- Task description
Looking at the data that follows, count the lines containing the word "Finite" and write down only that count.

- Supplied information
(* Let $A=[A_1,\dots,A_n]\in\mathbb{R}^{p\times n}$ satisfy $A\mathbf{1}=\mathbf{0}$, and let $r$ be a positive integer with $r\le \operatorname{rank}(A)$. Let $A=U\Sigma V$ be the compact SVD of $A$ with singular values in descending order, where $V$ has orthonormal rows, and let $V_{1:r}$ denote the first $r$ rows of $V$. Put $\beta=-\min_{i,j}(A^TA)_{ij}$, $\tilde A=\begin{bmatrix}\sqrt{\beta}\,\mathbf{1}^T\\ A\end{bmatrix}$, $W=\tilde A^T\tilde A$ and $L=\operatorname{diag}(W\mathbf{1})-W$. Then $W$ has nonnegative entries, $W_{ij}=\phi(A_i,A_j)$ for the linear kernel $\phi(A_i,A_j)=A_i^TA_j+\beta$, and $L$ is its graph Laplacian. Moreover, the PCA problem $$\min_{D\in\mathbb{R}^{p\times r},\,X\in\mathbb{R}^{r\times n}}\|A-DX\|_F^2\quad\text{s.t. } XX^T=I$$ and the Laplacian-eigenmap problem $$\min_{X\in\mathbb{R}^{r\times n}}\operatorname{tr}\{\tilde XL\tilde X^T\}\quad\text{s.t. }\tilde X=\begin{bmatrix}\tfrac{1}{\sqrt n}\mathbf{1}^T\\ X\end{bmatrix},\ \tilde X\tilde X^T=I$$ have the same solutions $X$; in particular $X=V_{1:r}$ is a common solution.
   Context: $\mathbf{1}$ denotes the all-ones vector of the appropriate length and $\operatorname{diag}(v)$ the diagonal matrix with diagonal $v$. Columns of $A$ are the $n$ data samples. *)

From HB Require Import structures.
From mathcomp Require Import all_boot all_order all_algebra.
Set Implicit Arguments. Unset Strict Implicit. Unset Printing Implicit Defensive.
Import Order.TTheory GRing.Theory Num.Theory.
Local Open Scope ring_scope.

Section Defs.
Variable R : rcfType.

Definition ones (n : nat) : 'cV[R]_n := const_mx 1.

Definition is_min_entry (m n : nat) (M : 'M[R]_(m, n)) (mu : R) : Prop :=
  (forall i j, mu <= M i j) /\ (exists i j, M i j = mu).

Definition frob2 (m n : nat) (M : 'M[R]_(m, n)) : R :=
  \sum_i \sum_j (M i j) ^+ 2.

Definition Atilde (p n : nat) (A : 'M[R]_(p, n)) (beta : R) : 'M[R]_(1 + p, n) :=
  col_mx (const_mx (Num.sqrt beta)) A.

Definition Wmat (p n : nat) (A : 'M[R]_(p, n)) (beta : R) : 'M[R]_n :=
  (Atilde A beta)^T *m Atilde A beta.

Definition graph_laplacian (n : nat) (W : 'M[R]_n) : 'M[R]_n :=
  diag_mx (W *m ones n)^T - W.

Definition lin_kernel (p : nat) (beta : R) (a b : 'cV[R]_p) : R :=
  (a^T *m b) 0 0 + beta.
Theorem proposition2
  (U : R -> R -> Prop) (b11 b12 b22 V : R -> R -> R)
  (q1 q2 p1 p2 : R -> R) (t1 : R) (dS0 S1 : R -> R)
  (HUopen : open (fun z : R * R => U (fst z) (snd z)))
  (HU0 : U 0 0)
  (Hb11 : C2_on U b11) (Hb12 : C2_on U b12) (Hb22 : C2_on U b22)
  (HBpd : forall x y, U x y -> pos_def_at b11 b12 b22 x y)
  (HV : C2_on U V) (HVmax : nondeg_max_at0 V) (HV00 : V 0 0 = 0)
  (HdB : forall x, U x 0 ->
     pd2 b11 x 0 = 0 /\ pd2 b12 x 0 = 0 /\ pd2 b22 x 0 = 0)
  (Hsol : forall t, t <= t1 -> hamilton_at b11 b12 b22 V q1 q2 p1 p2 t)
  (HinU : forall t, t <= t1 -> U (q1 t) (q2 t))
  (Hlq1 : is_lim q1 m_infty (Finite 0)) (Hlq2 : is_lim q2 m_infty (Finite 0))
  (Hlp1 : is_lim p1 m_infty (Finite 0)) (Hlp2 : is_lim p2 m_infty (Finite 0))
  (Hq2 : forall t, t <= t1 -> q2 t = 0)
  (Hq1pos : forall t, t <= t1 -> 0 < q1 t)
  (Hq1inc : forall s t, s < t -> t <= t1 -> q1 s < q1 t)
  (HS0 : forall t, t <= t1 -> p1 t = dS0 (q1 t))
  (HS1 : forall t, t <= t1 -> p2 t = S1 (q1 t))
  (HS1d : forall x, 0 < x < q1 t1 -> ex_derive S1 x) :
  (forall t, t <= t1 ->
     is_derive q1 t (beta b11 b12 b22 (q1 t) * dS0 (q1 t))) /\
  (forall x, 0 < x <= q1 t1 ->
     dS0 x = sqrt (- 2 * V0 V x / beta b11 b12 b22 x) /\
     S1 x = - (b12 x 0 / b22 x 0) * dS0 x) /\
  (forall x, 0 < x < q1 t1 ->
     Derive S1 x * beta b11 b12 b22 x * dS0 x = - V1 V x).
Proof.
  assert (HinU0 : forall t, t <= t1 -> U (q1 t) 0)
    by (intros t Ht; rewrite <- (Hq2 t Ht); auto).
  assert (HBpd0 : forall x, U x 0 -> pos_def_at b11 b12 b22 x 0) by auto.
  pose proof (outgoing_is_derive_q1 U b11 b12 b22 V q1 q2 p1 p2 t1 Hsol Hq2 HinU0 HBpd0)
    as Hdq1.
  pose proof (outgoing_p2 U b11 b12 b22 V q1 q2 p1 p2 t1 Hsol Hq2 HinU0 HBpd0) as Hp2.
  pose proof (outgoing_p1_sqrt U b11 b12 b22 V q1 q2 p1 p2 t1 Hsol Hq2 HinU0 HBpd0
                (proj1 Hb11) (proj1 Hb12) (proj1 Hb22) (proj1 HV) HU0 HV00 Hlq1 Hlp1 Hlp2)
    as Hp1.
  pose proof (outgoing_is_derive_p2 b11 b12 b22 V q1 q2 p1 p2 t1 Hsol Hq2) as Hdp2.
  assert (Hq1_onto : forall x, 0 < x <= q1 t1 -> exists t, t <= t1 /\ q1 t = x).
  { intros x Hx. apply (is_lim_minfty_IVT q1 t1 0 x); [|exact Hlq1|lra].
    intros t Ht. exact (is_derive_continuity_pt _ _ _ (Hdq1 t Ht)). }
  split; [|split].
  - intros t Ht. rewrite <- (HS0 t Ht). exact (Hdq1 t Ht).
  - intros x Hx. destruct (Hq1_onto x Hx) as [t [Ht <-]].
    rewrite <- (HS0 t Ht), <- (HS1 t Ht). split.
    + exact (Hp1 t (fun s Hs => Hq1inc s t Hs Ht) Ht).
    + exact (Hp2 t Ht).
  - intros x Hx. destruct (Hq1_onto x ltac:(lra)) as [t [Ht <-]].
    assert (Htlt : t < t1) by (destruct (Req_dec t t1) as [->|]; lra).
    destruct (HdB _ (HinU0 t Ht)) as [Z11 [Z12 Z22]].
    pose proof (is_derive_comp_left p2 S1 q1 t t1 _ HS1 Htlt (HS1d _ Hx) (Hdq1 t Ht))
      as Hdp2'.
    rewrite <- (HS0 t Ht), <- (is_derive_unique _ _ _ (Hdp2 t Z11 Z12 Z22 Ht)),
      (is_derive_unique _ _ _ Hdp2').
    ring.
Qed.
Theorem corollary1 (R : realType) (n m q : nat)
  (c : 'cV[R]_n) (D : 'M[R]_(q, n)) (d : 'cV[R]_q)
  (K : 'I_m -> nat) (a : forall r : 'I_m, 'I_(K r) -> 'rV[R]_n)
  (pi : forall r : 'I_m, 'I_(K r) -> R) (b : 'I_m -> R)
  (hK : forall r, (0 < K r)%N)
  (hpi : forall r, sorted_possibility (pi r)) :
  exists (N M : nat) (A : 'M[R]_(M, n + N)) (bb : 'cV[R]_M),
    (N <= m + \sum_(r < m) K r)%N /\
    (M <= q + m + 2 * \sum_(r < m) K r)%N /\
    forall x : 'cV[R]_n,
      robust_feasible D d a pi b x <->
      exists y : 'cV[R]_N, lemx (A *m col_mx x y) bb.
Proof.
have [A [bb Abb]] := lin_system_mx (lp_coef_x D a) (lp_coef_t pi) (lp_rhs d b).
exists #|{: scenario K}|, #|{: lp_row q K}|, A, bb; split; [|split].
- by rewrite card_scenario leq_addl.
- by rewrite card_lp_row.
by move=> x; rewrite Abb; exact: robust_feasible_lpP.
Qed.
Theorem mainTheorem6 (n k : nat) (hn : (2 <= n)%N) (hk : (1 <= k)%N) :
  (* (1) \tilde S_n(k) is a group under composition *)
  group_set (Sk k n) /\
  (* (2a) phi is well defined: phi(u) lies in \tilde S_n(k) *)
  (forall u, affperm n u ->
     exists2 p : {perm 'Z_(k * n)}, p \in Sk k n &
       forall x, p x = phif k n u x) /\
  (* (2b) phi is a homomorphism *)
  (forall u v, affperm n u -> affperm n v ->
     forall x, phif k n (u \o v) x = phif k n u (phif k n v x)) /\
  (* (2c) \tilde S_n / ker phi ~= \tilde S_n(k): phi is onto ... *)
  (forall p, p \in Sk k n ->
     exists2 u, affperm n u & forall x, p x = phif k n u x) /\
  (* ... and phi u = phi v iff u and v lie in the same coset of ker phi *)
  (forall u v, affperm n u -> affperm n v ->
     ((forall x, phif k n u x = phif k n v x) <->
      exists2 w, kerphi k n w & forall j, u j = w (v j))) /\
  (* (3) N \cap K_{i} = {e} *)
  (forall i, (i < n)%N -> forall u, kerphi k n u -> Kgen n i u ->
     forall j, u j = j) /\
  (* (4) cardinality *)
  #|Sk k n| = (k ^ (n - 1) * n`!)%N.
Proof.
case: n hn => [|[|n']] // _.
split; first exact: Sk_group.
split; first by move=> u; exact: phi_in_Sk.
split; first by move=> u v /affpermP [_ hu _] _ x; exact: phif_comp.
split; first by move=> p; exact: Sk_lift.
split; first by move=> u v; exact: phif_eq_coset.
split; first by move=> i i_lt u; exact: kerphi_Kgen_id.
by rewrite card_Sk // subn1.
Qed.
Lemma is_derive_Rconst (c x : R) : is_derive (fun _ => c) x 0.
Proof. apply (is_derive_const c x). Qed.

Lemma is_derive_Rplus (f g : R -> R) (x a b : R) :
  is_derive f x a -> is_derive g x b -> is_derive (fun s => f s + g s) x (a + b).
Proof. apply (is_derive_plus f g). Qed.

Lemma is_derive_Rminus (f g : R -> R) (x a b : R) :
  is_derive f x a -> is_derive g x b -> is_derive (fun s => f s - g s) x (a - b).
Proof. apply (is_derive_minus f g). Qed.

Lemma is_derive_Ropp (f : R -> R) (x a : R) :
  is_derive f x a -> is_derive (fun s => - f s) x (- a).
Proof. apply (is_derive_opp f). Qed.

Lemma is_derive_Rmult (f g : R -> R) (x a b : R) :
  is_derive f x a -> is_derive g x b -> is_derive (fun s => f s * g s) x (a * g x + f x * b).
Proof. intros Hf Hg. apply (is_derive_mult f g); [exact Hf | exact Hg | apply Rmult_comm]. Qed.

Lemma is_derive_Rsqr (f : R -> R) (x a : R) :
  is_derive f x a -> is_derive (fun s => f s ^ 2) x (2 * a * f x).
Proof. intros Hf. eapply is_derive_eq; [apply (is_derive_pow f 2 x a Hf) | simpl; ring]. Qed.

- Answer space
2